Высмотрел Аманодзяку дедушку с бабушкой своими совиными глазами. Ухо наставил, слушает, о чем они толкуют между собой.
— Купим для Урико-химэко красное платье, — говорит старик.
— А еще узорный платочек. И сластей разных, — говорит старуха.
Облизнулся Аманодзяку. Как бы ему перехитрить стариков, забрать себе все гостинцы?
Побежал Аманодзяку к хижине и начал стучать в дверь одним пальцем: тук-тук-тук…
Тихо-тихо, сладко-сладко заговорил Аманодзяку, словно лесной ручеёк:
— Урико-химэко, открой дверь. Я тебе принёс вкусных груш.
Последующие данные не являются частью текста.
(* The class of data languages accepted by SAFA is not closed under homomorphism: there exist a data language $L\subseteq(\Sigma\times D)^*$ accepted by some SAFA and a homomorphism $h:(\Sigma\times D)^*\to(\Sigma\times D)^*$ such that no SAFA accepts $h(L)=\{h(w): w\in L\}$.
   Context: $D$ is a fixed countably infinite set of data values; for a finite alphabet $\Sigma$, data words are elements of $(\Sigma\times D)^*$. A homomorphism of data words is a monoid homomorphism $h:(\Sigma\times D)^*\to(\Sigma\times D)^*$, i.e. $h(\varepsilon)=\varepsilon$ and $h(uv)=h(u)h(v)$, determined by the images $h((a,d))$ of single letters. A set augmented finite automaton (SAFA) is a tuple $M=(Q,\Sigma\times D,q_0,F,H,\delta)$: $Q$ finite set of states, $q_0\in Q$ initial, $F\subseteq Q$ final, $H=\{h_1,\dots,h_m\}$ a finite collection of (names of) sets of data values, $\delta\subseteq Q\times\Sigma\times C\times OP\times Q$ with $C=\{p(h_i),\,!p(h_i)\}$, $OP=\{-\}\cup\{\mathsf{ins}(h_i)\}$. Configurations are $(q,\langle S_1,\dots,S_m\rangle)$ with $S_i\subseteq D$ finite; initially state $q_0$ and all sets empty. On reading $(a,d)$, a transition $(q,a,\alpha,op,q')$ from the current state may be taken if $\alpha=p(h_i)$ and $d\in S_i$, or $\alpha=\,!p(h_i)$ and $d\notin S_i$; then the state becomes $q'$ and if $op=\mathsf{ins}(h_j)$ the value $d$ is added to $S_j$ ($op=-$ changes nothing). A word is accepted if some run reads it entirely and ends in $F$. *)

From mathcomp Require Import all_boot.
Set Implicit Arguments. Unset Strict Implicit. Unset Printing Implicit Defensive.

Definition data := nat.

Definition dword (Sigma : Type) := seq (Sigma * data).

Definition is_dword_hom (Sigma : Type) (h : dword Sigma -> dword Sigma) : Prop :=
  h [::] = [::] /\ forall u v, h (u ++ v) = h u ++ h v.

(* Conditions: cond_in i = p(h_i), cond_notin i = !p(h_i) *)
Inductive cond (m : nat) := cond_in of 'I_m | cond_notin of 'I_m.

(* Operations: None = '-', Some j = ins(h_j) *)
Definition op (m : nat) := option 'I_m.

Record safa (Sigma : finType) := Safa {
  st : finType;
  q0 : st;
  fin : {set st};
  nsets : nat;
  delta : st -> Sigma -> cond nsets -> op nsets -> st -> bool
    (* delta ⊆ Q x Sigma x C x OP x Q, as a (finite) relation *)
}.

(* Configurations: a state and m finite sets of data values (as lists). *)
Definition config (Sigma : finType) (M : safa Sigma) :=
  (st M * ('I_(nsets M) -> seq data))%type.

Definition init_config (Sigma : finType) (M : safa Sigma) : config M :=
  (q0 M, fun _ => [::]).

Definition cond_holds (m : nat) (c : cond m) (S : 'I_m -> seq data) (d : data) : bool :=
  match c with
  | cond_in i => d \in S i
  | cond_notin i => d \notin S i
  end.

Definition apply_op (m : nat) (o : op m) (S : 'I_m -> seq data) (d : data)
  : 'I_m -> seq data :=
  match o with
  | None => S
  | Some j => fun i => if i == j then d :: S i else S i
  end.

Definition step (Sigma : finType) (M : safa Sigma)
  (c : config M) (x : Sigma * data) (c' : config M) : Prop :=
  exists (al : cond (nsets M)) (o : op (nsets M)),
    [/\ delta c.1 x.1 al o c'.1,
        cond_holds al c.2 x.2 &
        c'.2 = apply_op o c.2 x.2].

Inductive run (Sigma : finType) (M : safa Sigma) : config M -> dword Sigma -> config M -> Prop :=
  | run_nil c : run c [::] c
  | run_cons c c' c'' x w : step c x c' -> run c' w c'' -> run c (x :: w) c''.

Definition accepts (Sigma : finType) (M : safa Sigma) (w : dword Sigma) : Prop :=
  exists c, run (init_config M) w c /\ c.1 \in fin M.

(* SAFA languages are generic: since every set starts empty and only ever
   receives data values read from the input, an injective renaming of the
   data values of an accepted word yields an accepted word.  The language of
   all one-letter words is accepted by a SAFA, but its image under the
   homomorphism sending every data value to 0 is the singleton containing the
   one-letter word with data value 0, which is not closed under renaming. *)
From mathcomp Require Import all_boot.

Set Implicit Arguments.
Unset Strict Implicit.
Unset Printing Implicit Defensive.

Definition relabel (Sigma : Type) (f : data -> data) (w : dword Sigma) : dword Sigma :=
  map (fun x => (x.1, f x.2)) w.

Lemma relabel_hom (Sigma : Type) (f : data -> data) :
  is_dword_hom (relabel (Sigma:=Sigma) f).
Proof. by split=> // u v; rewrite /relabel map_cat. Qed.

Section Relabel.

Variables (Sigma : finType) (M : safa Sigma) (f : data -> data).
Hypothesis f_inj : injective f.

(* Sets are related pointwise, so that no function extensionality is needed. *)
Definition relabelled (c c' : config M) : Prop :=
  c'.1 = c.1 /\ forall i, c'.2 i = map f (c.2 i).

Lemma cond_holds_relabel (al : cond (nsets M)) (S S' : 'I_(nsets M) -> seq data) d :
  (forall i, S' i = map f (S i)) -> cond_holds al S' (f d) = cond_holds al S d.
Proof. by move=> eqS; case: al => i /=; rewrite eqS mem_map. Qed.

Lemma apply_op_relabel (o : op (nsets M)) (S S' : 'I_(nsets M) -> seq data) d i :
  (forall i, S' i = map f (S i)) ->
  apply_op o S' (f d) i = map f (apply_op o S d i).
Proof. by move=> eqS; case: o => [j|] /=; rewrite eqS //; case: (i == j). Qed.

Lemma step_relabel c x c1 c' :
  step c x c1 -> relabelled c c' ->
  exists2 c1', step c' (x.1, f x.2) c1' & relabelled c1 c1'.
Proof.
case=> al [o [dl hold eq_c1]] [eq1 eq2].
exists (c1.1, apply_op o c'.2 (f x.2)).
  by exists al, o; rewrite eq1 (cond_holds_relabel _ _ eq2).
by split=> //= i; rewrite eq_c1 (apply_op_relabel _ _ _ eq2).
Qed.

Lemma run_relabel c w c1 c' :
  run c w c1 -> relabelled c c' ->
  exists2 c1', run c' (relabel f w) c1' & relabelled c1 c1'.
Proof.
move=> r; elim: r c' => [c0 c' rel | c0 c2 c3 x v stp _ IH c' rel].
  by exists c'; first exact: run_nil.
have [c2' st' rel2] := step_relabel stp rel.
have [c3' r' rel3] := IH _ rel2.
by exists c3'; first exact: (run_cons st' r').
Qed.

Lemma accepts_relabel w : accepts M w -> accepts M (relabel f w).
Proof.
case=> c [r c_fin].
have [c' r' [eq1 _]] := run_relabel r (conj erefl (fun _ => erefl)).
by exists c'; rewrite eq1.
Qed.

End Relabel.

Definition one_letter_safa : safa unit :=
  @Safa unit bool false [set true] 1
    (fun q _ al _ q' => if al is cond_notin _ then ~~ q && q' else false).

Lemma accepts_one_letter x : accepts one_letter_safa [:: x].
Proof.
exists (true, fun _ => [::]); split; last by rewrite inE.
apply: run_cons (run_nil _).
by exists (cond_notin ord0), None.
Qed.

Theorem theorem9 :
  exists (Sigma : finType) (M : safa Sigma) (h : dword Sigma -> dword Sigma),
    is_dword_hom h /\
    forall M' : safa Sigma,
      ~ (forall w : dword Sigma,
           accepts M' w <-> exists u : dword Sigma, accepts M u /\ h u = w).
Proof.
exists unit, one_letter_safa, (relabel (fun _ => 0)); split.
  exact: relabel_hom.
move=> M' accM'.
have acc0 : accepts M' [:: (tt, 0)].
  by apply/accM'; exists [:: (tt, 0)]; split; first exact: accepts_one_letter.
have /accM' [u [_]] := accepts_relabel succn_inj acc0.
by case: u => [|x u] //= [].
Qed.
Lemma ksubsets_lower_tail (w : T -> R) (D mu delta a : R) :
    0 < D -> (forall i, 0 <= w i <= D) -> 0 <= delta <= 1 ->
    mu <= p * \sum_i w i -> a <= (1 - delta) * mu ->
  #|[set S in ksubsets T k | \sum_(i in S) w i <= a]|%:R
    <= 'C(#|T|, k)%:R * expR (- (delta ^+ 2 * mu / (4 * D))).
Proof.
move=> D_gt0 w0D /andP[delta_ge0 delta_le1] le_mu le_a.
set t := delta / 2; set lam := t / D.
have w_ge0 i : 0 <= w i by case/andP: (w0D i).
have t_ge0 : 0 <= t by rewrite divr_ge0.
have lam_ge0 : 0 <= lam by rewrite divr_ge0 // ltW.
have moment : (t - t ^+ 2) / D * mu <= p * \sum_i (1 - expR (- (lam * w i))).
  rewrite (le_trans _ (ler_wpM2l p_ge0 (sum_1_sub_expRN_ge D_gt0 w0D t_ge0))) // mulrCA.
  rewrite ler_wpM2l // divr_ge0 ?(ltW D_gt0) // subr_ge0 expr2 ler_piMr //.
  by rewrite /t; lra.
rewrite -(ler_pM2r (expR_gt0 (- (lam * a)))).
apply: le_trans (ksubsets_mgf_lower a w_ge0 lam_ge0) _.
rewrite -[X in _ <= X]mulrA ler_wpM2l // -expRD ler_expR.
have exponent : (t - t ^+ 2) / D * mu
                = delta ^+ 2 * mu / (4 * D) + lam * ((1 - delta) * mu).
  by rewrite /lam /t; field; rewrite gt_eqF.
have : lam * a <= lam * ((1 - delta) * mu) by exact: ler_wpM2l.
lra.
Qed.

Lemma ksubsets_two_sided_tail (w : T -> R) (D mu_lo mu_hi delta a b : R) :
    0 < D -> (forall i, 0 <= w i <= D) -> 0 <= delta <= 1 ->
    mu_lo <= p * \sum_i w i <= mu_hi ->
    a <= (1 - delta) * mu_lo -> (1 + delta) * mu_hi <= b ->
  #|[set S in ksubsets T k | ~~ (a <= \sum_(i in S) w i <= b)]|%:R
    <= 'C(#|T|, k)%:R * (expR (- (delta ^+ 2 * mu_lo / (4 * D)))
                         + expR (- (delta ^+ 2 * mu_hi / (8 * D)))).
Proof.
move=> D_gt0 w0D delta01 /andP[le_lo le_hi] le_a le_b.
apply: le_trans (_ : _ <= (#|[set S in ksubsets T k | \sum_(i in S) w i <= a]|
                        + #|[set S in ksubsets T k | b <= \sum_(i in S) w i]|)%:R) _.
  rewrite ler_nat; apply: leq_card_set_or => S.
  by rewrite negb_and -!ltNge => /orP[] /ltW ->; rewrite ?orbT.
rewrite natrD mulrDr lerD //.
  exact: ksubsets_lower_tail le_a.
exact: ksubsets_upper_tail le_b.
Qed.
Lemma TSDP (y : {set {set VI}}) : reflect (rho_TSD k y = y) (y \in TSD VI k).
Proof.
apply: (iffP imsetP) => [[sh _ ->] | fix_y].
  by apply/eqP; rewrite eqEsubset rho_TSD_idem rho_TSD_ext ?rho_TSD_subSG.
by exists y => //; rewrite /SH powersetE -fix_y rho_TSD_subSG.
Qed.

Lemma rho_TSD_id (y : {set {set VI}}) : y \in TSD VI k -> rho_TSD k y = y.
Proof. exact: elimT (TSDP y). Qed.

Lemma TSD_subSG (y : {set {set VI}}) : y \in TSD VI k -> y \subset SG VI.
Proof. by move/rho_TSD_id <-; exact: rho_TSD_subSG. Qed.

Lemma TSD_setI (y z : {set {set VI}}) :
  y \in TSD VI k -> z \in TSD VI k -> y :&: z \in TSD VI k.
Proof.
move=> yTSD zTSD; apply/TSDP/eqP; rewrite eqEsubset subsetI.
rewrite rho_TSD_ext ?(subset_trans (subsetIl y z) (TSD_subSG yTSD)) // andbT.
rewrite -{2}(rho_TSD_id yTSD) -{3}(rho_TSD_id zTSD).
by rewrite !rho_TSD_mono ?subsetIl ?subsetIr.
Qed.

Lemma TSD_setU_supsets (y : {set {set VI}}) (T : {set VI}) :
  y \in TSD VI k -> y :|: supsets T \in TSD VI k.
Proof.
move=> yTSD; apply/TSDP/eqP; rewrite eqEsubset rho_TSD_ext ?andbT; last first.
  by rewrite subUset TSD_subSG //=; apply/subsetP=> S; rewrite in_supsets => /andP[].
apply/subsetP=> S /rho_TSDP[SG_S coverS]; rewrite in_setU in_supsets SG_S /=.
have [_ | TnS] := boolP (T \subset S); first by rewrite orbT.
rewrite orbF -(rho_TSD_id yTSD).
apply/rho_TSDP; split=> // T0 T0S cardT0 x xS.
have [U] := coverS T0 T0S cardT0 x xS; rewrite in_setU in_supsets.
case/orP=> [Uy | /andP[_ TU]] [T0U US xU]; first by exists U.
by rewrite (subset_trans TU US) in TnS.
Qed.

(* Covering setT at x over T0: x |: T0 covers itself unless it contains T,
   in which case it equals T and S covers it. *)
Lemma setT_in_TSD_above (T : {set VI}) (y : {set {set VI}}) :
  #|T| = k -> y \in TSD VI k -> nonsupsets T \proper y -> [set: VI] \in y.
Proof.
move=> cardT yTSD /properP[Xy [S Sy SnX]].
have SG_S := subsetP (TSD_subSG yTSD) S Sy.
have TsubS : T \subset S by move: SnX; rewrite in_nonsupsets SG_S negbK.
rewrite -(rho_TSD_id yTSD); apply/rho_TSDP; split.
  by rewrite in_SG; apply: contraTneq SG_S => eqT0; rewrite in_SG -subset0 -eqT0 subsetT.
move=> T0 _ cardT0 x _; have [TxT0 | TnxT0] := boolP (T \subset x |: T0).
  have defT : x |: T0 = T.
    by apply/eqP; rewrite eq_sym eqEcard TxT0 cardT ?card_setU1_leq.
  exists S => //; split; last by apply: (subsetP TsubS); rewrite -defT setU11.
    by rewrite (subset_trans (subsetU1 x T0)) // defT.
  exact: subsetT.
exists (x |: T0); last by rewrite subsetUr subsetT setU11.
apply: (subsetP Xy); rewrite in_nonsupsets TnxT0 andbT in_SG.
by apply/set0Pn; exists x; rewrite setU11.
Qed.

Lemma nonsupsets_TSD (T : {set VI}) : #|T| = k -> nonsupsets T \in TSD VI k.
Proof.
move=> cardT; apply/TSDP/eqP; rewrite eqEsubset rho_TSD_ext ?andbT; last first.
  by apply/subsetP=> S; rewrite in_nonsupsets => /andP[].
apply/subsetP=> S /rho_TSDP [SG_S coverS]; rewrite in_nonsupsets SG_S /=.
apply/negP=> TsubS; have [t tT] : exists t, t \in T by apply/set0Pn; rewrite -card_gt0 cardT.
have cardTt : #|T :\ t| < k by rewrite -cardT (cardsD1 t T) tT.
have [U] := coverS (T :\ t) (subset_trans (subD1set T t) TsubS) cardTt t (subsetP TsubS t tT).
rewrite in_nonsupsets => /andP[_ /negP TnU] [TtU _ tU]; apply: TnU.
by rewrite -(setD1K tT) subUset sub1set tU.
Qed.

Lemma MI_meet (C : {set {set {set VI}}}) (x y z : {set {set VI}}) :
  x \in MI C -> y \in C -> z \in C -> is_meet_in C x y z -> x = y \/ x = z.
Proof.
rewrite inE => /andP[_ /forallP irr] yC zC meet_xyz.
have /forall_inP/(_ z zC)/implyP/(_ meet_xyz)/orP[] := implyP (irr y) yC.
  by left; apply/eqP.
by right; apply/eqP.
Qed.
(* Let $n\ge 2$ be an integer. Suppose that for all integers $m,k$ with $2\le m\le n$ and $2\le k\le 2^{m-1}+1$ one has $$v_2\big(s(2^n,2^m-k)\big)=2^n-2^m-(n-m)\Big(2^m-2\Big\lfloor\frac{k}{2}\Big\rfloor\Big)+m-2-v_2\Big(\Big\lfloor\frac{k}{2}\Big\rfloor\Big)+(n-1)\epsilon_k,$$ where $\epsilon_k=0$ if $k$ is even and $\epsilon_k=1$ if $k$ is odd. Then for every integer $t$ with $1\le t\le 2^n$, $$v_2\big(s_{2^n}(2^n,t)\big)=v_2\big(s(2^n,t)\big)\quad\text{and}\quad v_2\big(s_{2^n}(2^n,t)-s(2^n,t)\big)\ge v_2\big(s(2^n,t)\big)+2.$$
   Context: The (unsigned) Stirling numbers of the first kind $s(n,k)$ are defined by $x(x+1)\cdots(x+n-1)=\sum_{k=0}^n s(n,k)x^k$. For a nonnegative integer $m$, $s_m(n,k)$ is defined by $(x+m)(x+m+1)\cdots(x+m+n-1)=\sum_{k=0}^n s_m(n,k)x^k$. $v_2$ is the $2$-adic valuation, with the convention $v_2(0)=+\infty$. *)

From HB Require Import structures.
From mathcomp Require Import all_boot all_order all_algebra.
Set Implicit Arguments. Unset Strict Implicit. Unset Printing Implicit Defensive.
Import Order.TTheory GRing.Theory Num.Theory.
Local Open Scope ring_scope.

Definition stirling1 (n k : nat) : int :=
  (\prod_(i < n) ('X + (i%:R)%:P) : {poly int})`_k.

Definition stirling1m (m n k : nat) : int :=
  (\prod_(i < n) ('X + ((m + i)%:R)%:P) : {poly int})`_k.

(* 2-adic valuation with values in nat extended by +oo (None = +oo). *)
Definition v2 (x : int) : option nat :=
  if x == 0 then None else Some (logn 2 `|x|%N).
— Не надо мне груш, не отопру дверей. Бабушка с дедушкой не велели чужих в дом пускать.
Аманодзяку застучал чуть погромче: тук-тук-тук… И начал просить, словно голубь воркует:
— Урико-химэко, Урико-химэко, я тебе моток пряжи принёс, тоньше паутины, белее снега. Хочешь покажу?..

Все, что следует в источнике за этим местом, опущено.